All configuration for a CuratorKIT pipeline in one place.

Minimal usage — just the dataset name: config = CuratorConfig(dataset="Anthropic/hh-rlhf")

LLM generation usage

config = CuratorConfig( dataset="docs/handbook.pdf", llm_model="openai/gpt-4o-mini", generation_task="qa", )

The rest has sensible defaults. Override only what you need.

── Source ────────────────────────────────────────────────────────────────── dataset HF Hub name, local file path, or list of either. Supported file types: .jsonl .json .csv .tsv .parquet .pdf Examples: "Anthropic/hh-rlhf" "data/my_data.jsonl" "docs/handbook.pdf" ["tatsu-lab/alpaca", "data/extra.jsonl"]

── LLM configuration ─────────────────────────────────────────────────────── llm_model LiteLLM model string. Default None (no generation). Examples: "openai/gpt-4o-mini", "anthropic/claude-sonnet-4-20250514", "ollama/llama3" llm_temperature Temperature for generation. Default 0.7. llm_max_tokens Max tokens per LLM call. Default 1024. llm_api_key API key override. Falls back to env var. llm_api_base Custom API base URL (for vLLM, Ollama, etc.) llm_concurrency Async worker pool size. Default 10.
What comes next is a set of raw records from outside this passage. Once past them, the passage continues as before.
Lemma interior_child_endpoint_of_on_grid (s k : Z) (z : R) :
  in_adic N s k z -> ~ on_grid (powerRZ (IZR N) s) z ->
  on_grid (powerRZ (IZR N) (s + 1)) z -> interior_child_endpoint N s k z.
Proof.
  intros Hz Hoff [z1 Hz1].
  pose proof NR_pos. pose proof (powerRZ_IZR_pos s) as HW.
  set (W := powerRZ (IZR N) s) in *.
  assert (HW1 : powerRZ (IZR N) (s + 1) = W * IZR N).
  { rewrite powerRZ_IZR_add, Z.pow_1_r by lia. reflexivity. }
  rewrite HW1 in Hz1.
  pose proof (adic_left_lt_of_not_on_grid s k z Hz Hoff) as Hleft.
  assert (Hscaled : IZR (k - 1) < z * W < IZR k).
  { apply in_adic_iff in Hz as [_ Hz2]. split; [|exact Hz2].
    assert (adic_left N s k * W = IZR (k - 1)) by (unfold adic_left; fold W; field; lra). nra. }
  assert (Hz1l : ((k - 1) * N < z1)%Z).
  { apply lt_IZR. rewrite mult_IZR, <- Hz1. nra. }
  assert (Hz1r : (z1 < k * N)%Z).
  { apply lt_IZR. rewrite mult_IZR, <- Hz1. nra. }
  split.
  - exists (z1 - (k - 1) * N)%Z. split; [lia|]. right.
    unfold child_right, adic_left. rewrite HW1. fold W.
    rewrite (minus_IZR z1), mult_IZR, <- Hz1, minus_IZR. field. lra.
  - split; [exact Hleft | apply Hz].
Qed.

(* By [on_grid_gap], [z] is at distance at least [/ Q] from both endpoints. *)
Lemma in_adic_of_near (Q : R) (s k : Z) (z x : R) :
  0 < Q -> on_grid Q z -> on_grid Q (adic_left N s k) -> on_grid Q (adic_right N s k) ->
  adic_left N s k < z -> in_adic N s k z -> Rabs (x - z) < / Q -> in_adic N s k x.
Proof.
  intros HQ Hz Hl Hr Hlz [_ Hzr] Hx. apply Rabs_def2 in Hx.
  pose proof (on_grid_gap Q _ _ HQ Hl Hz Hlz).
  pose proof (on_grid_gap Q _ _ HQ Hz Hr Hzr).
  split; lra.
Qed.

End Adic.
── LLM generation ────────────────────────────────────────────────────────── generation_task Task type: "qa" | "preference" | "grpo" | "multiturn" | "evol" | "cot" | None (no generation). num_questions QA: questions per chunk. Default 3. num_responses GRPO: responses per prompt. Default 4. num_turns MultiTurn: turn pairs. Default 3. num_evolutions EvolInstruct: evolutions per instruction. Default 1. difficulty QA: "easy" | "medium" | "hard". Default "medium".

── Quality gates ─────────────────────────────────────────────────────────── hallucination_threshold Grounding score threshold. None = gate off (default). Set a float (e.g. 0.7) to enable the hallucination gate. reward_threshold Drop samples below this quality score. Default None (off). reward_dimensions Quality dimensions to evaluate. diversity_threshold Drop samples above this similarity. Default None (off).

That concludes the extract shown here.